[Opening MATERIAL FOR THE TASK section]

(* For every positive integer $n$, $$\sum_{j=1}^{n}\csc^6\left(\frac{\pi j}{2n+1}\right) = \frac{8(n+1)n(8n^4+16n^3+35n^2+27n+54)}{945}.$$ *)

From Stdlib Require Import Reals.
Open Scope R_scope.

Definition csc (x : R) : R := / sin x.

(* Let m = 2n + 1 and t_j = tan^2 (j pi / m) for 1 <= j <= n.  By de Moivre,
   sin (m x) = cos^m x * tan x * V (tan^2 x) with V y = sum_j (-1)^j C(m, 2j+1) y^j,
   a polynomial of degree n vanishing at the n distinct t_j; hence
   V y = m * prod_j (1 - y / t_j).  Reading off the coefficients of y, y^2, y^3 and
   applying Newton's identities yields the power sums p_1, p_2, p_3 of the
   cot^2 (j pi / m) = 1 / t_j, and csc^6 = (1 + cot^2)^3 turns the sum into
   n + 3 p_1 + 3 p_2 + p_3. *)

From Stdlib Require Import Reals Lra Lia.
From mathcomp Require all_boot all_order all_algebra Rstruct ring lra zify.
Open Scope R_scope.

Definition angle (m j : nat) : R := PI * INR j / INR m.

Lemma angle_in_first_quadrant (m j : nat) :
  (0 < j)%nat -> (2 * j < m)%nat -> 0 < angle m j < PI / 2.
Proof.
intros hj hjm; unfold angle.
assert (hm : 0 < INR m) by (apply lt_0_INR; lia).
assert (hj' : 0 < INR j) by (apply lt_0_INR; lia).
assert (h2j : 2 * INR j < INR m).
{ replace (2 * INR j) with (INR (2 * j)) by (rewrite mult_INR; simpl; ring).
  apply lt_INR; lia. }
pose proof PI_RGT_0 as hpi.
split.
- apply Rdiv_lt_0_compat; [apply Rmult_lt_0_compat|]; assumption.
- apply (Rmult_lt_reg_r (2 * INR m)); [lra|].
  replace (PI * INR j / INR m * (2 * INR m)) with (PI * (2 * INR j)) by (field; lra).
  replace (PI / 2 * (2 * INR m)) with (PI * INR m) by field.
  apply Rmult_lt_compat_l; assumption.
Qed.

Lemma angle_lt (m j k : nat) : (0 < m)%nat -> (j < k)%nat -> angle m j < angle m k.
Proof.
intros hm hjk; unfold angle.
apply Rmult_lt_compat_r; [apply Rinv_0_lt_compat, lt_0_INR; lia|].
apply Rmult_lt_compat_l; [exact PI_RGT_0 | apply lt_INR; lia].
Qed.

Lemma sin_angle_mul (m j : nat) : (0 < m)%nat -> sin (INR m * angle m j) = 0.
Proof.
intros hm; unfold angle; apply sin_eq_0_1; exists (Z.of_nat j).
rewrite <- INR_IZR_INZ; field; apply not_0_INR; lia.
Qed.

Lemma angle_trig_gt0 (m j : nat) : (0 < j)%nat -> (2 * j < m)%nat ->
  0 < sin (angle m j) /\ 0 < cos (angle m j) /\ 0 < tan (angle m j).
Proof.
intros hj hjm; destruct (angle_in_first_quadrant m j hj hjm) as [h0 h1].
pose proof PI_RGT_0.
assert (hs : 0 < sin (angle m j)) by (apply sin_gt_0; lra).
assert (hc : 0 < cos (angle m j)) by (apply cos_gt_0; lra).
repeat split; try assumption; apply Rdiv_lt_0_compat; assumption.
Qed.

Lemma tan_angle_lt (m j k : nat) :
  (0 < j)%nat -> (j < k)%nat -> (2 * k < m)%nat -> tan (angle m j) < tan (angle m k).
Proof.
intros hj hjk hkm.
destruct (angle_in_first_quadrant m j hj ltac:(lia)) as [hj0 _].
destruct (angle_in_first_quadrant m k ltac:(lia) hkm) as [_ hk1].
pose proof PI_RGT_0.
apply tan_increasing; [lra | apply angle_lt; lia | lra].
Qed.

Section CscSixthPowerSum.
Set Implicit Arguments.
Unset Strict Implicit.
Import all_boot all_order all_algebra Rstruct ring lra zify.
Import Order.TTheory GRing.Theory Num.Theory.
Local Open Scope ring_scope.

Section ProdOneSubZX.
Variable R : comNzRingType.

Definition power_sum (k : nat) (s : seq R) : R := \sum_(a <- s) a ^+ k.

Lemma coef_prod_1subZX (s : seq R) :
  let P := \prod_(a <- s) (1 - a *: 'X) in
  let p1 := power_sum 1 s in let p2 := power_sum 2 s in let p3 := power_sum 3 s in
  [/\ P`_0 = 1, P`_1 = - p1, 2 * P`_2 = p1 ^+ 2 - p2
    & 6 * P`_3 = - (p1 ^+ 3 - 3 * p1 * p2 + 2 * p3)].
Proof.
elim: s => [|a s [c0 c1 c2 c3]] /=.
  by rewrite /power_sum !big_nil !coef1 /=; split; ring.
rewrite /power_sum !big_cons -!/(power_sum _ s).
rewrite mulrBl mul1r -scalerAl !(coefB, coefZ, coefXM) /=.
split.
- by rewrite c0 mulr0 subr0.
- by rewrite c1 c0; ring.
- by rewrite mulrBr c2 c1; ring.
- set P := \prod_(b <- s) _ in c2 *.
  have -> : 6 * (P`_3 - a * P`_2) = 6 * P`_3 - 3 * a * (2 * P`_2) by ring.
  by rewrite c3 c2; ring.
Qed.

Lemma size_prod_1subZX (s : seq R) :
  (size (\prod_(a <- s) (1 - a *: 'X))%R <= (size s).+1)%N.
Proof.
elim: s => [|a s IH]; first by rewrite big_nil size_poly1.
rewrite big_cons; apply: leq_trans (size_polyMleq _ _) _.
have size_factor : (size (1 - a *: 'X : {poly R})%R <= 2)%N.
  apply: leq_trans (size_polyD _ _) _; rewrite size_poly1 size_polyN geq_max /=.
  by apply: leq_trans (size_scale_leq _ _) _; rewrite size_polyX.
by rewrite -subn1 leq_subLR add1n; exact: (leq_add size_factor IH).
Qed.

Lemma sum_cube_1D (s : seq R) :
  \sum_(a <- s) (1 + a) ^+ 3
  = (size s)%:R + 3 * power_sum 1 s + 3 * power_sum 2 s + power_sum 3 s.
Proof.
elim: s => [|a s IH]; first by rewrite /power_sum !big_nil /=; ring.
by rewrite /power_sum !big_cons -!/(power_sum _ s) IH /= -addn1 natrD; ring.
Qed.

End ProdOneSubZX.

Lemma poly_eq_prod_1subZX (F : fieldType) (s : seq F) (p : {poly F}) :
  uniq s -> 0 \notin s -> (size p <= (size s).+1)%N -> {in s, forall a, root p a^-1} ->
  p = p.[0] *: \prod_(a <- s) (1 - a *: 'X).
Proof.
move=> s_uniq s_nz p_size p_root; apply/eqP; rewrite -subr_eq0; apply/eqP.
apply: (@roots_geq_poly_eq0 _ _ (0 :: map GRing.inv s)).
- apply/allP => _ /predU1P [-> | /mapP [a as_ ->]].
    rewrite rootE !hornerE horner_prod big1 ?mulr1 ?subrr // => b _.
    by rewrite !hornerE subr0.
  have a_nz : a != 0 by apply: contraNneq s_nz => <-.
  have prod_a : \prod_(b <- s) (1 - b *: 'X).[a^-1] = 0.
    apply/eqP; rewrite prodf_seq_eq0; apply/hasP; exists a => //.
    by rewrite !hornerE mulfV ?subrr.
  by rewrite rootE !hornerE horner_prod prod_a mulr0 subr0 -rootE p_root.
- rewrite /= map_inj_uniq ?s_uniq ?andbT; last exact: invr_inj.
  apply/mapP => -[a as_ inv_a0].
  by move: as_; rewrite -[a]invrK -inv_a0 invr0 (negbTE s_nz).
- rewrite /= size_map; apply: leq_trans (size_polyD _ _) _.
  by rewrite size_polyN geq_max p_size (leq_trans (size_scale_leq _ _)) ?size_prod_1subZX.
Qed.

Lemma natr_binSS (R : pzSemiRingType) (m k : nat) :
  'C(m.+2, k.+2)%:R = 'C(m, k)%:R + 2 * 'C(m, k.+1)%:R + 'C(m, k.+2)%:R :> R.
Proof.
have -> : 'C(m.+2, k.+2) = 'C(m, k) + 2 * 'C(m, k.+1) + 'C(m, k.+2) by rewrite !binS; lia.
by rewrite 2!natrD natrM.
Qed.

Lemma natr_bin_fact (R : comPzRingType) (m k : nat) :
  'C(m, k)%:R * k`!%:R = \prod_(i < k) (m%:R - i%:R) :> R.
Proof.
rewrite -natrM bin_ffact; have [km | mk] := leqP k m.
  rewrite ffact_prod natr_prod; apply: eq_bigr => i _.
  by rewrite natrB // ltnW // (leq_trans (ltn_ord i)).
by rewrite ffact_small // (bigD1 (Ordinal mk)) //= subrr mul0r.
Qed.

Section MultipleAnglePolynomials.
Variable R : comNzRingType.

Definition cos_mul_poly (n : nat) : {poly R} :=
  \poly_(j < n.+1) ((-1) ^+ j * 'C((2 * n).+1, 2 * j)%:R).
Definition sin_mul_poly (n : nat) : {poly R} :=
  \poly_(j < n.+1) ((-1) ^+ j * 'C((2 * n).+1, (2 * j).+1)%:R).

Lemma coef_cos_mul_poly n j : (cos_mul_poly n)`_j = (-1) ^+ j * 'C((2 * n).+1, 2 * j)%:R.
Proof. by rewrite coef_poly; case: ltnP => // jn; rewrite bin_small ?mulr0 //; lia. Qed.

Lemma coef_sin_mul_poly n j :
  (sin_mul_poly n)`_j = (-1) ^+ j * 'C((2 * n).+1, (2 * j).+1)%:R.
Proof. by rewrite coef_poly; case: ltnP => // jn; rewrite bin_small ?mulr0 //; lia. Qed.

Lemma cos_mul_poly0 : cos_mul_poly 0 = 1.
Proof.
apply/polyP => -[|j]; rewrite coef_cos_mul_poly coef1 /=.
  by rewrite mul1r.
by rewrite bin_small ?mulr0 //; lia.
Qed.

Lemma sin_mul_poly0 : sin_mul_poly 0 = 1.
Proof.
apply/polyP => -[|j]; rewrite coef_sin_mul_poly coef1 /=.
  by rewrite mul1r.
by rewrite bin_small ?mulr0 //; lia.
Qed.

Lemma cos_mul_polyS n :
  cos_mul_poly n.+1 = cos_mul_poly n - cos_mul_poly n * 'X - (sin_mul_poly n * 'X) *+ 2.
Proof.
apply/polyP => -[|j];
  rewrite !(coefB, coefMn, coefMX) /= !coef_cos_mul_poly ?coef_sin_mul_poly.
  by rewrite !bin0 subr0 mul0rn subr0.
have -> : (2 * n.+1 = (2 * n).+2)%N by lia.
have -> : (2 * j.+1 = (2 * j).+2)%N by lia.
by rewrite natr_binSS exprS; ring.
Qed.

Lemma sin_mul_polyS n :
  sin_mul_poly n.+1 = cos_mul_poly n *+ 2 + sin_mul_poly n - sin_mul_poly n * 'X.
Proof.
apply/polyP => -[|j];
  rewrite !(coefB, coefD, coefMn, coefMX) /= !coef_sin_mul_poly ?coef_cos_mul_poly.
  rewrite !bin0 !bin1 subr0 ?mul1r (_ : (2 * n.+1).+1 = 2 + (2 * n).+1)%N ?natrD //; lia.
have -> : (2 * n.+1 = (2 * n).+2)%N by lia.
have -> : (2 * j.+1 = (2 * j).+2)%N by lia.
by rewrite natr_binSS exprS; ring.
Qed.

End MultipleAnglePolynomials.

Lemma cos_sin_mul_odd (n : nat) (x : R) : cos x != 0 ->
  cos (x *+ (2 * n).+1) = cos x ^+ (2 * n).+1 * (cos_mul_poly R n).[tan x ^+ 2] /\
  sin (x *+ (2 * n).+1) = cos x ^+ (2 * n).+1 * tan x * (sin_mul_poly R n).[tan x ^+ 2].
Proof.
move=> cx_nz; have sin_tan : sin x = tan x * cos x by rewrite /tan divfK.
elim: n => [|n [IHc IHs]].
  by rewrite cos_mul_poly0 sin_mul_poly0 !hornerC muln0 expr1 !mulr1 sin_tan mulrC.
have -> : (2 * n.+1).+1 = (2 * n).+1 + 2 by lia.
rewrite mulrnDr sinD cosD IHc IHs !sinD !cosD sin_tan cos_mul_polyS sin_mul_polyS.
by rewrite !(exprD, hornerD, hornerN, hornerMn, hornerMX); split; ring.
Qed.

Lemma csc6_cot2 (x : R) : sin x != 0 -> cos x != 0 ->
  csc x ^+ 6 = (1 + (tan x ^+ 2)^-1) ^+ 3.
Proof.
move=> sx_nz cx_nz; have pythagoras : sin x ^+ 2 + cos x ^+ 2 = 1 := sin2_cos2 x.
have -> : 1 + (tan x ^+ 2)^-1 = (sin x ^+ 2 + cos x ^+ 2) / sin x ^+ 2.
  by rewrite /tan RdivE; field; rewrite sx_nz cx_nz.
by rewrite pythagoras div1r /csc -exprVn -exprM.
Qed.

Lemma csc6_sum_identity (n : nat) (p1 p2 p3 : R) : let m := (2 * n).+1 in
  m%:R * p1 = 'C(m, 3)%:R ->
  m%:R * (p1 ^+ 2 - p2) = 2 * 'C(m, 5)%:R ->
  m%:R * (p1 ^+ 3 - 3 * p1 * p2 + 2 * p3) = 6 * 'C(m, 7)%:R ->
  n%:R + 3 * p1 + 3 * p2 + p3
  = 8 * (n%:R + 1) * n%:R
      * (8 * n%:R ^+ 4 + 16 * n%:R ^+ 3 + 35 * n%:R ^+ 2 + 27 * n%:R + 54) / 945.
Proof.
move=> m e1 e2 e3.
have m_nz : m%:R != 0 :> R by rewrite pnatr_eq0.
have binE k : 'C(m, k)%:R = \prod_(i < k) (m%:R - i%:R) / k`!%:R :> R.
  by rewrite -natr_bin_fact mulfK // pnatr_eq0 -lt0n fact_gt0.
have mE : m%:R = 2 * n%:R + 1 :> R by rewrite /m -addn1 natrD natrM.
have x_nz : 2 * n%:R + 1 != 0 :> R by rewrite -mE.
rewrite !binE !big_ord_recr big_ord0 /= mE !factS fact0 in e1 e2 e3.
move/(canRL (mulKf x_nz)): e1 => p1E.
move/(canRL (mulKf x_nz)): e2 => e2; move/(canRL (mulKf x_nz)): e3 => e3.
rewrite (_ : p3 = ((p1 ^+ 3 - 3 * p1 * p2 + 2 * p3) - p1 ^+ 3 + 3 * p1 * p2) / 2);
  last by field.
rewrite e3 (_ : p2 = p1 ^+ 2 - (p1 ^+ 2 - p2)); last by ring.
by rewrite e2 p1E; field.
Qed.

Section CotangentSquares.
Variable n : nat.
Let m := (2 * n).+1.

Lemma angle_trig_neq0 k : k \in iota 0 n ->
  [/\ sin (angle m k.+1) != 0, cos (angle m k.+1) != 0 & 0 < tan (angle m k.+1)].
Proof.
rewrite mem_iota add0n => /andP[_ kn].
have [/RltP s_pos [/RltP c_pos /RltP t_pos]] :=
  angle_trig_gt0 m k.+1 ltac:(lia) ltac:(rewrite /m; lia).
by rewrite !gt_eqF.
Qed.

Definition cot2 : seq R := [seq (tan (angle m k.+1) ^+ 2)^-1 | k <- iota 0 n].

Lemma size_cot2 : size cot2 = n.
Proof. by rewrite size_map size_iota. Qed.

Lemma cot2_neq0 : 0 \notin cot2.
Proof.
apply/mapP => -[k kn /esym/eqP]; have [_ _ t_pos] := angle_trig_neq0 kn.
by rewrite invr_eq0 expf_eq0 gt_eqF.
Qed.

Lemma uniq_cot2 : uniq cot2.
Proof.
rewrite map_inj_in_uniq ?iota_uniq // => j k jn kn /invr_inj.
wlog jk : j k jn kn / (j < k)%N.
  move=> wlog_jk; case: (ltngtP j k) => [|kj|//]; first exact: wlog_jk.
  by move/esym/(wlog_jk k j kn jn kj).
have [_ _ tj_pos] := angle_trig_neq0 jn.
have /RltP tan_jk := tan_angle_lt m j.+1 k.+1 ltac:(lia) ltac:(lia)
  ltac:(rewrite /m; move: kn; rewrite mem_iota; lia).
by move=> e; move: (ltrXn2r 2 (ltW tj_pos) tan_jk); rewrite e ltxx.
Qed.

Lemma sin_mul_poly_root k :
  k \in iota 0 n -> root (sin_mul_poly R n) (tan (angle m k.+1) ^+ 2).
Proof.
move=> kn; have [_ c_nz t_pos] := angle_trig_neq0 kn.
have [_ sin_m] := cos_sin_mul_odd n c_nz.
have := sin_angle_mul m k.+1 ltac:(lia); rewrite RmultE INRE mulr_natl sin_m.
rewrite rootE => /eqP; rewrite mulf_eq0 => /orP[|//].
by rewrite mulf_eq0 expf_eq0 (negbTE c_nz) (gt_eqF t_pos) andbF.
Qed.

Lemma sin_mul_poly_factor : sin_mul_poly R n = m%:R *: \prod_(a <- cot2) (1 - a *: 'X).
Proof.
rewrite {1}(poly_eq_prod_1subZX (p := sin_mul_poly R n) uniq_cot2 cot2_neq0).
- by rewrite horner_coef0 coef_sin_mul_poly mul1r bin1.
- by rewrite size_cot2 size_poly.
by move=> _ /mapP [k kn ->]; rewrite invrK sin_mul_poly_root.
Qed.

Lemma cot2_power_sums :
  let p1 := power_sum 1 cot2 in let p2 := power_sum 2 cot2 in let p3 := power_sum 3 cot2 in
  [/\ m%:R * p1 = 'C(m, 3)%:R, m%:R * (p1 ^+ 2 - p2) = 2 * 'C(m, 5)%:R
    & m%:R * (p1 ^+ 3 - 3 * p1 * p2 + 2 * p3) = 6 * 'C(m, 7)%:R].
Proof.
have [_ P1 P2 P3] := coef_prod_1subZX cot2; set P := \prod_(a <- cot2) _ in P1 P2 P3 *.
have coefE k : (-1) ^+ k * 'C(m, (2 * k).+1)%:R = m%:R * P`_k.
  by rewrite -coef_sin_mul_poly {1}sin_mul_poly_factor coefZ.
split.
- by have := coefE 1; rewrite P1; lra.
- by rewrite -P2 mulrCA -(coefE 2); ring.
- by rewrite -[_ + _]opprK -P3 mulrN mulrCA -(coefE 3); ring.
Qed.

Lemma sum_csc6 :
  \sum_(0 <= k < n) csc (angle m k.+1) ^+ 6
  = 8 * (n%:R + 1) * n%:R
      * (8 * n%:R ^+ 4 + 16 * n%:R ^+ 3 + 35 * n%:R ^+ 2 + 27 * n%:R + 54) / 945.
Proof.
have [e1 e2 e3] := cot2_power_sums.
rewrite -(csc6_sum_identity e1 e2 e3); have := sum_cube_1D cot2; rewrite size_cot2 => <-.
rewrite big_map /index_iota subn0.
by apply: eq_big_seq => k kn; have [s_nz c_nz _] := angle_trig_neq0 kn; exact: csc6_cot2.
Qed.

End CotangentSquares.

Local Close Scope ring_scope.

(* Stated in the notation of the theorem.  [sum_f 1 n f] is
   [sum_f_R0 (fun k => f (k + 1)) (n - 1)], which is [f 1] rather than [0] when
   [n = 0]; hence the hypothesis. *)
Lemma sum_f_csc6 (n : nat) : (0 < n)%nat ->
  sum_f 1 n (fun j => csc (PI * INR j / INR (2 * n + 1)) ^ 6)
  = 8 * (INR n + 1) * INR n
      * (8 * INR n ^ 4 + 16 * INR n ^ 3 + 35 * INR n ^ 2 + 27 * INR n + 54) / 945.
Proof.
move=> n_gt0; rewrite /sum_f sum_f_R0E (_ : (n - 1).+1 = n); last by lia.
under eq_bigr => k _ do rewrite RpowE Nat.add_1_r addn1.
etransitivity; first exact: sum_csc6 n.
by rewrite !RealsE.
Qed.

End CscSixthPowerSum.

Theorem mainTheorem13 (n : nat) (hn : (1 <= n)%nat) :
  sum_f 1 n (fun j => (csc (PI * INR j / INR (2 * n + 1))) ^ 6)
  = 8 * (INR n + 1) * INR n
      * (8 * INR n ^ 4 + 16 * INR n ^ 3 + 35 * INR n ^ 2 + 27 * INR n + 54) / 945.
Proof. exact (sum_f_csc6 (ssrbool.introT ssrnat.ltP hn)). Qed.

[Closing MATERIAL FOR THE TASK section]

**INSTRUCTIONS FOR THE TASK**
Please write out, exactly as they appear above, only the lines in the stretch from the line with "move=> sx_nz cx_nz;" through the line with "Lemma csc6_sum_identity (n".

**WORKED SOLUTION**
move=> sx_nz cx_nz; have pythagoras : sin x ^+ 2 + cos x ^+ 2 = 1 := sin2_cos2 x.
have -> : 1 + (tan x ^+ 2)^-1 = (sin x ^+ 2 + cos x ^+ 2) / sin x ^+ 2.
  by rewrite /tan RdivE; field; rewrite sx_nz cx_nz.
by rewrite pythagoras div1r /csc -exprVn -exprM.
Qed.

Lemma csc6_sum_identity (n : nat) (p1 p2 p3 : R) : let m := (2 * n).+1 in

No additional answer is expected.